START Dataset entries

(* Let $(e,h,A),(e',h',A'),(e'',h'',A'')\in\mathcal D_{g,n}$. There exist a graph $\Gamma\in G_{g,n}$ and sets $W,W',W''\in\mathcal C(\Gamma)$ with $W=W'\sqcup W''$ (disjoint union) and $(\mathrm{val}(W),g(W),A(W))=(e,h,A)$, $(\mathrm{val}(W'),g(W'),A(W'))=(e',h',A')$, $(\mathrm{val}(W''),g(W''),A(W''))=(e'',h'',A'')$ if and only if $A=A'\sqcup A''$, $2(h+1-(h'+h''))=e'+e''-e$, and there is a nondegenerate triangle with side lengths $e,e',e''$ (i.e. $e<e'+e''$, $e'<e+e''$, $e''<e+e'$).
   Context: Fix integers $g,n\ge0$ with $2g-2+n>0$, $[n]=\{1,\dots,n\}$. A stable graph of type $(g,n)$ is a finite connected multigraph $\Gamma$ (loops allowed) with genus function $g:V(\Gamma)\to\mathbb Z_{\ge0}$ and markings $A(v)\subseteq[n]$ partitioning $[n]$, such that $|E(\Gamma)|-|V(\Gamma)|+1+\sum_v g(v)=g$ and $2g(v)-2+\mathrm{val}(v)+|A(v)|>0$ for all $v$. $G_{g,n}$ is the set (category) of representatives of isomorphism classes of such graphs. For $W\subseteq V(\Gamma)$: $W^{\mathsf c}=V(\Gamma)\setminus W$, $\mathrm{val}(W)$ = number of edges between $W$ and $W^{\mathsf c}$, $g(W)=|E(\Gamma[W])|-|W|+1+\sum_{v\in W}g(v)$ with $\Gamma[W]$ the induced subgraph, $A(W)=\bigcup_{v\in W}A(v)$. $W$ is nontrivial biconnected if $\emptyset\ne W\ne V(\Gamma)$ and $\Gamma[W],\Gamma[W^{\mathsf c}]$ are connected; $\mathcal C(\Gamma)$ is the set of these. The vine graph $V(e,h,A)$ has two vertices $v_1,v_2$ joined by $e$ edges, no loops, $g(v_1)=h$, $A(v_1)=A$, $g(v_2)=g+1-e-h$, $A(v_2)=[n]\setminus A$. $\mathcal D_{g,n}$ is the set of triples $(e,h,A)$ with $e\ge1$, $h\ge0$, $g+1-e-h\ge0$, $A\subseteq[n]$, such that $V(e,h,A)$ is stable. *)

From mathcomp Require Import all_boot all_order all_algebra.
Set Implicit Arguments. Unset Strict Implicit. Unset Printing Implicit Defensive.

(* A (multi)graph with legs: vertices 'I_nv, edges 'I_ne (each edge has an
   unordered pair of endpoints, loops allowed), genus function, and markings
   given by the map sending each marked point j of [n] (encoded as 'I_n) to
   the vertex v with j \in A(v); thus the A(v) partition [n]. *)
Record sgraph (n : nat) := SGraph {
  nv : nat;
  ne : nat;
  ends : 'I_ne -> 'I_nv * 'I_nv;
  gv : 'I_nv -> nat;
  mark : 'I_n -> 'I_nv }.

Arguments nv {n} s.
Arguments ne {n} s.
Arguments ends {n} s _.
Arguments gv {n} s _.
Arguments mark {n} s _.

Section Graphs.
Variable n : nat.
Variable G : sgraph n.

Definition V := 'I_(nv G).

(* val(v): number of half-edges at v (a loop contributes 2) *)
Definition valv (v : V) : nat :=
  \sum_(i : 'I_(ne G)) (((ends G i).1 == v) + ((ends G i).2 == v)).

Definition Av (v : V) : {set 'I_n} := [set j | mark G j == v].

Definition adjW (W : {set V}) : rel V := fun x y =>
  [&& x \in W, y \in W &
      [exists i : 'I_(ne G), (ends G i == (x, y)) || (ends G i == (y, x))]].

Definition induced_connected (W : {set V}) : Prop :=
  forall x y, x \in W -> y \in W -> connect (adjW W) x y.

Definition connected_graph : Prop := induced_connected setT.

Definition is_stable (g : nat) : Prop :=
  [/\ connected_graph,
      ne G + 1 + \sum_(v : V) gv G v = g + nv G
      (* i.e. |E| - |V| + 1 + sum_v g(v) = g *)
    & forall v : V, 2 < 2 * gv G v + valv v + #|Av v| ].

Definition edgesW (W : {set V}) : nat :=
  #|[set i : 'I_(ne G) | ((ends G i).1 \in W) && ((ends G i).2 \in W)]|.

Definition valW (W : {set V}) : nat :=
  #|[set i : 'I_(ne G) | ((ends G i).1 \in W) != ((ends G i).2 \in W)]|.

Definition genusW (W : {set V}) : int :=
  (Posz (edgesW W) - Posz #|W| + 1 + Posz (\sum_(v in W) gv G v))%R.

Definition AW (W : {set V}) : {set 'I_n} := [set j | mark G j \in W].

Definition biconnected (W : {set V}) : Prop :=
  [/\ W != set0, W != setT, induced_connected W & induced_connected (~: W)].

End Graphs.

(* The vine graph V(e,h,A) in type (g,n): vertex 0 = v1, vertex 1 = v2. *)
Definition vine (g n e h : nat) (A : {set 'I_n}) : sgraph n :=
  @SGraph n 2 e (fun _ => (@ord0 1, @ord_max 1))
    (fun v : 'I_2 => if v == ord0 then h else g + 1 - e - h)
    (fun j => if j \in A then @ord0 1 else @ord_max 1).

Definition inD (g n e h : nat) (A : {set 'I_n}) : Prop :=
  [/\ 1 <= e, e + h <= g + 1 & is_stable (vine g e h A) g].

From mathcomp Require Import all_boot all_order all_algebra.
From mathcomp Require Import zify.

(* Split the edges leaving W' or W'' (disjoint, with union W) into the K edges
   between W' and W'' and the C', C'' edges from W', W'' to the complement of W.
   Then val W = C' + C'', val W' = K + C', val W'' = K + C'' and
   g(W) = g(W') + g(W'') + K - 1, whence 2 (h + 1 - h' - h'') = 2K = e' + e'' - e.
   Connectedness of W, of the complement of W'' and of the complement of W'
   makes K, C' and C'' positive, which is the strict triangle inequality.
   Conversely, solving for K, C', C'' > 0 and joining three vertices carrying
   (h', A'), (h'', A''), (g + 1 - e - h, [n] \ A) by K, C', C'' parallel edges
   gives the graph; its vertices are stable because the vine vertices are. *)

Set Implicit Arguments.
Unset Strict Implicit.
Unset Printing Implicit Defensive.

Lemma card_set_sum (T : finType) (P : pred T) : #|[set x | P x]| = \sum_x P x.
Proof. by rewrite -sum1dep_card big_mkcond; apply: eq_bigr => x _; case: (P x). Qed.

Section EdgeCounts.
Variables (n : nat) (G : sgraph n).
Implicit Types X Y Z : {set V G}.

Definition edges_between X Y :=
  #|[set i : 'I_(ne G) | ((ends G i).1 \in X) && ((ends G i).2 \in Y)
                      || ((ends G i).1 \in Y) && ((ends G i).2 \in X)]|.

Lemma edges_betweenC X Y : edges_between X Y = edges_between Y X.
Proof. by apply: eq_card => i; rewrite !inE orbC. Qed.

Lemma valW_edges_between X : valW X = edges_between X (~: X).
Proof.
by apply: eq_card => i; rewrite !inE; case: ((ends G i).1 \in X); case: ((ends G i).2 \in X).
Qed.

Lemma edges_betweenUl X Y Z : [disjoint X & Y] -> [disjoint X & Z] -> [disjoint Y & Z] ->
  edges_between (X :|: Y) Z = edges_between X Z + edges_between Y Z.
Proof.
move=> /disjoint_setI0/setP dXY /disjoint_setI0/setP dXZ /disjoint_setI0/setP dYZ.
rewrite /edges_between !card_set_sum -big_split; apply: eq_bigr => i _ /=.
case: (ends G i) => a b /=; rewrite !inE.
move: (dXY a) (dXY b) (dXZ a) (dXZ b) (dYZ a) (dYZ b); rewrite !inE.
by case: (a \in X) (a \in Y) (a \in Z) (b \in X) (b \in Y) (b \in Z) => [] [] [] [] [] [].
Qed.

Lemma edgesW_setU X Y : [disjoint X & Y] ->
  edgesW (X :|: Y) = edgesW X + edgesW Y + edges_between X Y.
Proof.
move=> /disjoint_setI0/setP dXY.
rewrite /edgesW /edges_between !card_set_sum -!big_split; apply: eq_bigr => i _ /=.
case: (ends G i) => a b /=; rewrite !inE.
move: (dXY a) (dXY b); rewrite !inE.
by case: (a \in X) (a \in Y) (b \in X) (b \in Y) => [] [] [] [].
Qed.

Lemma genusW_setU X Y : [disjoint X & Y] ->
  genusW (X :|: Y) = (genusW X + genusW Y + (edges_between X Y)%:Z - 1)%R.
Proof.
move=> dXY; rewrite /genusW edgesW_setU // cardsU (disjoint_setI0 dXY) cards0.
have -> : \sum_(v in X :|: Y) gv G v = \sum_(v in X) gv G v + \sum_(v in Y) gv G v.
  by rewrite -bigU //; apply: eq_bigl => v; rewrite inE.
lia.
Qed.

Lemma AW_setU X Y : AW (X :|: Y) = AW X :|: AW Y.
Proof. by apply/setP => j; rewrite !inE. Qed.

Lemma AW_disjoint X Y : [disjoint X & Y] -> [disjoint AW X & AW Y].
Proof.
move=> dXY; rewrite -setI_eq0; apply/eqP/setP => j; rewrite !inE.
by case Xj: (mark G j \in X); rewrite // (disjointFr dXY Xj).
Qed.

Lemma edges_between_gt0 X Y : [disjoint X & Y] -> induced_connected (X :|: Y) ->
  X != set0 -> Y != set0 -> 0 < edges_between X Y.
Proof.
move=> dXY connXY /set0Pn[x Xx] /set0Pn[y Yy].
have /connectP[p] : connect (adjW (X :|: Y)) x y by apply: connXY; rewrite inE ?Xx ?Yy ?orbT.
rewrite /edges_between card_gt0.
elim: p x Xx => [|w p IHp] u Xu /=; first by move=> _ yu; rewrite yu (disjointFr dXY Xu) in Yy.
case/andP=> /and3P[_ XYw /existsP[i uw]] wp ylast.
case Xw: (w \in X); first exact: IHp Xw wp ylast.
have Yw : w \in Y by move: XYw; rewrite inE Xw.
by apply/set0Pn; exists i; rewrite inE; case/orP: uw => /eqP ->; rewrite /= Xu Yw ?orbT.
Qed.

Lemma setC_disjointU X Y : [disjoint X & Y] -> ~: X = Y :|: ~: (X :|: Y).
Proof.
move=> dXY; apply/setP => v; rewrite !inE.
by case Xv: (v \in X); rewrite ?(disjointFr dXY Xv) //= orbN.
Qed.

END Dataset entries

What to do: Of all the entries above, output exactly the lines between the one holding "Definition valW (W" and the one holding "between W' and", inclusive.

Solution for this problem:
Definition valW (W : {set V}) : nat :=
  #|[set i : 'I_(ne G) | ((ends G i).1 \in W) != ((ends G i).2 \in W)]|.

Definition genusW (W : {set V}) : int :=
  (Posz (edgesW W) - Posz #|W| + 1 + Posz (\sum_(v in W) gv G v))%R.

Definition AW (W : {set V}) : {set 'I_n} := [set j | mark G j \in W].

Definition biconnected (W : {set V}) : Prop :=
  [/\ W != set0, W != setT, induced_connected W & induced_connected (~: W)].

End Graphs.

(* The vine graph V(e,h,A) in type (g,n): vertex 0 = v1, vertex 1 = v2. *)
Definition vine (g n e h : nat) (A : {set 'I_n}) : sgraph n :=
  @SGraph n 2 e (fun _ => (@ord0 1, @ord_max 1))
    (fun v : 'I_2 => if v == ord0 then h else g + 1 - e - h)
    (fun j => if j \in A then @ord0 1 else @ord_max 1).

Definition inD (g n e h : nat) (A : {set 'I_n}) : Prop :=
  [/\ 1 <= e, e + h <= g + 1 & is_stable (vine g e h A) g].

From mathcomp Require Import all_boot all_order all_algebra.
From mathcomp Require Import zify.

(* Split the edges leaving W' or W'' (disjoint, with union W) into the K edges
   between W' and W'' and the C', C'' edges from W', W'' to the complement of W.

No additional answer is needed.